Many multiple regression models contain variables whose t statistics have nonsignificant P values. These variables are judged to have not displayed statistically significant predictive capability in the presence of the other predictors. The question is then whether some variables can be removed from the model. To answer this question, many models are examined to find the one that's best in some sense.

The theoretical basis for concern over most simplification methods

The main concern is that many of the measures used to assess the importance of a variable were developed for examining a single variable only. They behave differently when assessing the best.

If you take a fair coin and flip it 100 times, common sense as well as probability theory says the chance of getting more heads than tails is 50%. However, suppose a large group of people were to each flip a coin 100 times. Again, both common sense and probability theory say that it is unlikely that the coin with the most heads has more tails than heads. For the best coin to show more tails than heads, they would all have to show more tails than heads. The chance of this becomes smaller the more coins that are flipped.
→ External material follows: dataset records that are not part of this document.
Theorem corollary2p3 (r k m : nat) (alpha : R)
  (hr : (1 <= r)%nat) (hk : (1 <= k)%nat) (hm : (1 <= m)%nat)
  (hrk : r <> k)
  (ha : alpha > Rmax (INR k) (INR r))
  (hneg : forall j : nat, alpha - INR m <> - INR (S j))
  (hjr : forall j : nat, (1 <= j <= m)%nat -> alpha <> INR m + INR r - INR j)
  (hjk : forall j : nat, (1 <= j <= m)%nat -> alpha <> INR m + INR k - INR j) :
  infinite_sum
    (fun n => Hsh (INR (S n) + alpha - INR m)
              / ((INR (S n) + INR r) * (INR (S n) + INR k)))
    ( (INR k - alpha) / (INR k - INR r) *
        ( (Hsh (alpha - INR k) ^ 2 + Hsh_m 2 (alpha - INR k)) / (alpha - INR k)
          - sum1 k (fun j => Hsh (alpha + INR j - INR k)
                             / (INR j * (alpha + INR j - INR k))) )
    + (alpha - INR r) / (INR k - INR r) *
        ( (Hsh (alpha - INR r) ^ 2 + Hsh_m 2 (alpha - INR r)) / (alpha - INR r)
          - sum1 r (fun j => Hsh (alpha + INR j - INR r)
                             / (INR j * (alpha + INR j - INR r))) )
    - / (INR k - INR r) *
        sum1 m (fun j =>
          (Hsh (INR j + alpha - INR m) - Hsh (INR r)) / (INR j + alpha - INR m - INR r)
          - (Hsh (INR j + alpha - INR m) - Hsh (INR k)) / (INR j + alpha - INR m - INR k)) ).
Proof.
  assert (Hka : INR k < alpha) by (pose proof (Rmax_l (INR k) (INR r)); lra).
  assert (Hra : INR r < alpha) by (pose proof (Rmax_r (INR k) (INR r)); lra).
  assert (Hshift : forall p, not_neg_int (INR p + alpha - INR m)).
  { intros p n E; apply (hneg (n + p)%nat).
    rewrite S_INR, plus_INR; rewrite S_INR in E; lra. }
  assert (HA := is_series_Hsh_over_quadratic alpha r k Hra Hka hrk).
  assert (HB := is_series_sum1 m
    (fun j n => / ((INR (S n) + (INR j + alpha - INR m)) * (INR (S n) + INR r) * (INR (S n) + INR k)))
    _ (fun j Hj => is_series_inv_triple _ _ _ (Hshift j)
         (not_neg_int_ge0 _ (pos_INR r)) (not_neg_int_ge0 _ (pos_INR k))
         (fun E => hjr j Hj ltac:(lra)) (fun E => hjk j Hj ltac:(lra))
         (fun E => hrk (INR_eq _ _ E)))).
  apply is_series_Reals; rewrite <- sum1_scal.
  eapply is_series_ext_R; [|exact (is_series_Rminus _ _ _ _ HA HB)].
  intro n; cbv beta.
  rewrite (Hsh_div_sub_nat _ m _ (Hshift (S n))).
  replace (INR (S n) + alpha - INR m + INR m) with (INR (S n) + alpha) by ring.
  f_equal; apply sum1_eq; intros j _; f_equal; ring.
Qed.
Most of the time (95%) there will be between 40 to 60 heads when a single fair coin is flipped 100 times. The chances of getting more than 60 heads are small, for a single coin. If we were suspicious of a particular coin and noticed that there were 70 heads in the next 100 flips, we'd have some statistical evidence to back up our suspicions.

Have a large group of people flip fair coins 100 times and the chances of someone getting more than 60 heads grows. On average, about 2.5% of the participants will get more than 60 heads. In this situation, we might become suspicious of the coin that recorded the most heads but, we'd have to test it again to be sure. If we had no reason other than the number of heads for being suspicious and were flip the coin another 100 times, it wouldn't be surprising to see it behave more typically this time.

To summarize:

If our attention is drawn to a particular coin and it subsequently shows an excess of heads, we have some basis for our suspicion.
If a large number of coins are flipped, we can't judge the coin with the largest number of heads as though it were the only coin flipped.
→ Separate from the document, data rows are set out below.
Lemma sum_cot_angle_log_derivative psi : 0 < alpha - INR n * psi < PI ->
  sum_f_R0 (fun k => (sin psi + x k * cos psi) / (cos psi - x k * sin psi)) (n - 1)
  = INR n * cot (alpha - INR n * psi).
Proof.
  intros Hpsi. pose proof (shifted_angle_bound psi Hpsi) as Hpsi'.
  set (G := fun y => prod_f_R0 (fun k => cos y - x k * sin y) (n - 1)).
  set (L := sum_f_R0 (fun k => - (sin psi + x k * cos psi) / (cos psi - x k * sin psi)) (n - 1)).
  assert (Hsa : 0 < sin alpha) by (apply sin_gt_0; lra).
  assert (Hsn : 0 < sin (alpha - INR n * psi)) by (apply sin_gt_0; lra).
  assert (D1 : is_derive G psi (G psi * L)).
  { apply is_derive_prod_f_R0; intros k Hk.
    - auto_derive; [easy | ring].
    - apply Rgt_not_eq, cos_sub_cot_angle_pos; auto. }
  assert (D2 : is_derive G psi (- INR n * cos (alpha - INR n * psi) / sin alpha)).
  { apply is_derive_ext_loc with (fun y => sin (alpha - INR n * y) / sin alpha).
    - apply locally_eq_on with (- PI) PI; [|exact Hpsi'].
      intros y Hy. unfold G. rewrite <- sin_prod_cot_angle by exact Hy. field. lra.
    - auto_derive; [easy | unfold Rminus; field; lra]. }
  assert (HG : G psi = sin (alpha - INR n * psi) / sin alpha)
    by (unfold G; rewrite <- sin_prod_cot_angle by exact Hpsi'; field; lra).
  pose proof (is_derive_unique _ _ _ D1) as E. rewrite (is_derive_unique _ _ _ D2), HG in E.
  rewrite (sum_eq _ (fun k => - (sin psi + x k * cos psi) / (cos psi - x k * sin psi) * -1))
    by (intros; field; apply Rgt_not_eq, cos_sub_cot_angle_pos; auto).
  assert (HL : L = - INR n * cos (alpha - INR n * psi) / sin (alpha - INR n * psi)).
  { apply Rmult_eq_reg_l with (sin (alpha - INR n * psi) / sin alpha).
    - rewrite <- E. field. lra.
    - apply Rgt_not_eq, Rdiv_lt_0_compat; auto. }
  rewrite <- scal_sum. fold L. rewrite HL. unfold cot. field. lra.
Qed.

Lemma one_sub_cot_angle_mul_pos t k : 0 < alpha - INR n * atan t < PI -> (k <= n - 1)%nat ->
  0 < 1 - x k * t.
Proof.
  intros Ht Hk. pose proof (atan_bound t). pose proof (tan_atan t) as Et. unfold tan in Et.
  set (psi := atan t) in *. rewrite <- Et.
  assert (Hc : 0 < cos psi) by (apply cos_gt_0; lra).
  replace (1 - x k * (sin psi / cos psi)) with ((cos psi - x k * sin psi) / cos psi)
    by (field; lra).
  apply Rdiv_lt_0_compat; auto using cos_sub_cot_angle_pos.
Qed.

Lemma sum_cot_angle_geometric t : 0 < alpha - INR n * atan t < PI ->
  sum_f_R0 (fun k => x k / (1 - x k * t)) (n - 1)
  = INR n * (cot (alpha - INR n * atan t) - t) / (1 + t ^ 2).
Proof.
  intros Ht. pose proof (atan_bound t). pose proof (tan_atan t) as Et. unfold tan in Et.
  set (psi := atan t) in *. rewrite <- Et.
  assert (Hc : 0 < cos psi) by (apply cos_gt_0; lra).
  assert (E : sin psi ^ 2 + cos psi ^ 2 = 1) by (rewrite <- (sin2_cos2 psi); unfold Rsqr; ring).
  rewrite (sum_eq _ (fun k => (sin psi + x k * cos psi) / (cos psi - x k * sin psi) * cos psi ^ 2
                              - sin psi * cos psi)).
  2: { intros k Hk. pose proof (cos_sub_cot_angle_pos psi k Ht Hk).
       transitivity (x k * cos psi * (sin psi ^ 2 + cos psi ^ 2) / (cos psi - x k * sin psi)).
       - rewrite E. field. split; lra.
       - field. lra. }
  rewrite minus_sum, <- scal_sum, sum_cot_angle_log_derivative, sum_cte by exact Ht.
  replace (S (n - 1)) with n by lia.
  replace (1 + (sin psi / cos psi) ^ 2) with (/ cos psi ^ 2).
  - field. lra.
  - transitivity ((sin psi ^ 2 + cos psi ^ 2) / cos psi ^ 2).
    + rewrite E. field. lra.
    + field. lra.
Qed.

End CotAngles.

(** * Taylor coefficients at 0 *)

Lemma Derive_n_sum_f_R0 (F : nat -> R -> R) K M x :
  locally x (fun y => forall k j, (k <= K)%nat -> (j <= M)%nat -> ex_derive_n (F k) j y) ->
  Derive_n (fun y => sum_f_R0 (fun k => F k y) K) M x = sum_f_R0 (fun k => Derive_n (F k) M x) K.
Proof.
  intros H. rewrite <- sum_n_Reals.
  rewrite (Derive_n_ext _ (fun y => sum_n (fun k => F k y) K))
    by (intros y; symmetry; apply sum_n_Reals).
  apply is_derive_n_unique, is_derive_n_sum_n.
  apply filter_imp with (2 := H); auto.
Qed.

Lemma Derive_n_geometric a b x j t : (forall s, a < s < b -> 1 - x * s <> 0) -> a < t < b ->
  Derive_n (fun s => x / (1 - x * s)) j t = INR (fact j) * x ^ S j / (1 - x * t) ^ S j.
Proof.
  intros Hnz. revert t. induction j as [|j IH]; intros t Ht.
  - simpl. field. auto.
  - cbn [Derive_n].
    rewrite (Derive_ext_loc _ (fun s => INR (fact j) * x ^ S j / (1 - x * s) ^ S j))
      by (apply locally_eq_on with a b; auto).
    apply is_derive_unique. pose proof (Hnz t Ht).
    set (c := INR (fact j) * x ^ S j). remember (S j) as m eqn:Hm.
    auto_derive; [apply pow_nonzero; unfold Rminus in *; auto|].
    unfold c. subst m. rewrite fact_simpl, mult_INR. simpl pred. simpl pow. unfold Rminus in *.
    field. split; [apply pow_nonzero|]; auto.
Qed.

(* [atan_wave k s t] is cos^k psi * sin (k psi + s) for psi = atan t; [t / (1 + t^2)] is
   [atan_wave 1 0], and each differentiation raises [k] by one and shifts [s] by pi/2. *)
Definition atan_wave (k : nat) (s t : R) : R := cos (atan t) ^ k * sin (INR k * atan t + s).

Lemma cos_atan_sqr t : cos (atan t) ^ 2 = / (1 + t ^ 2).
Proof.
  assert (H : 0 < 1 + t²) by (pose proof (Rle_0_sqr t); lra).
  pose proof (sqrt_lt_R0 _ H).
  rewrite cos_atan.
  replace ((1 / sqrt (1 + t²)) ^ 2) with (/ (sqrt (1 + t²) * sqrt (1 + t²))) by (field; lra).
  rewrite sqrt_sqrt by lra. unfold Rsqr. field. unfold Rsqr in H. lra.
Qed.

Lemma is_derive_atan_wave k s t :
  is_derive (atan_wave (S k) s) t (INR (S k) * atan_wave (S (S k)) (s + PI / 2) t).
Proof.
  unfold atan_wave. remember (S k) as m eqn:Hm.
  replace (INR (S m) * atan t + (s + PI / 2)) with (INR m * atan t + s + atan t + PI / 2)
    by (rewrite (S_INR m); ring).
  rewrite sin_plus, sin_PI2, cos_PI2, cos_plus.
  auto_derive; [easy|].
  replace (/ (1 + t * (t * 1))) with (cos (atan t) ^ 2)
    by (rewrite cos_atan_sqr; f_equal; ring).
  subst m. simpl. ring.
Qed.

Lemma Derive_n_atan_wave M : forall k s t,
  Derive_n (atan_wave (S k) s) M t * INR (fact k)
  = INR (fact (k + M)) * atan_wave (S k + M) (s + INR M * (PI / 2)) t.
Proof.
  induction M as [|M IH]; intros k s t.
  - simpl. rewrite Nat.add_0_r, Rmult_0_l, Rplus_0_r. ring.
  - transitivity (Derive_n (Derive_n (atan_wave (S k) s) 1) M t * INR (fact k));
      [now rewrite Derive_n_comp, Nat.add_1_r|].
    rewrite (Derive_n_ext (Derive_n (atan_wave (S k) s) 1)
               (fun t => INR (S k) * atan_wave (S (S k)) (s + PI / 2) t))
      by (intros u; apply is_derive_unique, is_derive_atan_wave).
    specialize (IH (S k) (s + PI / 2) t). rewrite fact_simpl, mult_INR in IH.
    rewrite Derive_n_scal_l.
    transitivity (Derive_n (atan_wave (S (S k)) (s + PI / 2)) M t * (INR (S k) * INR (fact k)));
      [ring | rewrite IH].
    replace (S k + M)%nat with (k + S M)%nat by lia.
    replace (S (S k) + M)%nat with (S k + S M)%nat by lia.
    rewrite (S_INR M). do 2 f_equal. ring.
Qed.

Lemma Derive_n_t_div_1_plus_sqr M :
  Derive_n (fun t => t / (1 + t ^ 2)) M 0 = INR (fact M) * sin (INR M * (PI / 2)).
Proof.
  rewrite (Derive_n_ext _ (atan_wave 1 0)).
  - pose proof (Derive_n_atan_wave M 0 0 0) as H. unfold atan_wave at 2 in H.
    rewrite atan_0, cos_0, pow1, Rmult_0_r, !Rplus_0_l in H. simpl in H.
    rewrite Rmult_1_r, Rmult_1_l in H. exact H.
  - intros t. unfold atan_wave. pose proof (tan_atan t) as Et. unfold tan in Et.
    pose proof (atan_bound t). assert (0 < cos (atan t)) by (apply cos_gt_0; lra).
    replace (sin (INR 1 * atan t + 0)) with (t * cos (atan t))
      by (rewrite <- Et at 1; replace (INR 1 * atan t + 0) with (atan t) by (simpl; ring);
          field; lra).
    replace (cos (atan t) ^ 1 * (t * cos (atan t))) with (t * cos (atan t) ^ 2) by ring.
    rewrite cos_atan_sqr. field. pose proof (pow2_ge_0 t). lra.
Qed.

Section PowerSums.
Variables (n : nat) (alpha delta : R).
Hypothesis n_pos : (1 <= n)%nat.
Hypothesis delta_range : 0 < delta < PI / 2.
Hypothesis alpha_range : INR n * delta <= alpha <= PI - INR n * delta.

Let x := cot_angle alpha n.
Let r := tan delta.
Let phi (psi : R) : R := cot (alpha - INR n * psi).

Lemma shifted_angle_range psi : - delta < psi < delta -> 0 < alpha - INR n * psi < PI.
Proof. intros Hpsi. pose proof (INR_n_ge_1 n n_pos). split; nra. Qed.

Lemma alpha_between : 0 < alpha < PI.
Proof.
  pose proof (shifted_angle_range 0) as H0. rewrite Rmult_0_r, Rminus_0_r in H0. apply H0. lra.
Qed.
The same thing applies to building models. If there is a reason for singling out a predictor before the data are collected, then it is fair to say the variable has predictive value if it achieves statistical significance. However,

when many predictors are considered and
there is nothing special about any of them before the data are collected and
we judge them as though each were the only predictor being considered,

probability theory says that something will likely achieve statistical significance due to chance alone. We shouldn't be surprised if 1 of 20 such predictors achieves what would be statistical significance for a single predictor at the 0.05 level. This explains why measures that are unrelated to the response sometimes appear to be statistically significant predictors.

A similar problem arises when many variables predict the response equally well. Statistical theory says that, in any sample, some variables will appear to be better predictors than others. However, since all variables predict equally well, these particular variables are not really better. They appear that way due to chance, showing once again that a hypothesis cannot be validated in the dataset that generated it.

We need a procedure that can distinguish between variables that are truly better predictors and those that appear to be better due to the luck of the draw. Unfortunately, that procedure does not yet exist. Still, many procedures have been tried.

Stepwise Procedures

One approach to simplifying multiple regression equations is the stepwise procedures. These include forward selection, backwards elimination, and stepwise regression. They add or remove variables one-at-a-time until some stopping rule is satisfied. They were developed before there were personal computers, when time on mainframe computers was at a premium and when statisticians were considering the problem of what to do when there might be more predictors than observations.

Forward selection starts with an empty model. The variable that has the smallest P value when it is the only predictor in the regression equation is placed in the model. Each subsequent step adds the variable that has the smallest P value in the presence of the predictors already in the equation. Variables are added one-at-a-time as long as their P values are small enough, typically less than 0.05 or 0.10.

Backward elimination starts with all of the predictors in the model. The variable that is least significant--that is, the one with the largest P value--is removed and the model is refitted. Each subsequent step removes the least significant variable in the model until all remaining variables have individual P values smaller than some value, such as 0.05 or 0.10.

Stepwise regression is similar to forward selection except that variables are removed from the model if they become nonsignificant as other predictors are added.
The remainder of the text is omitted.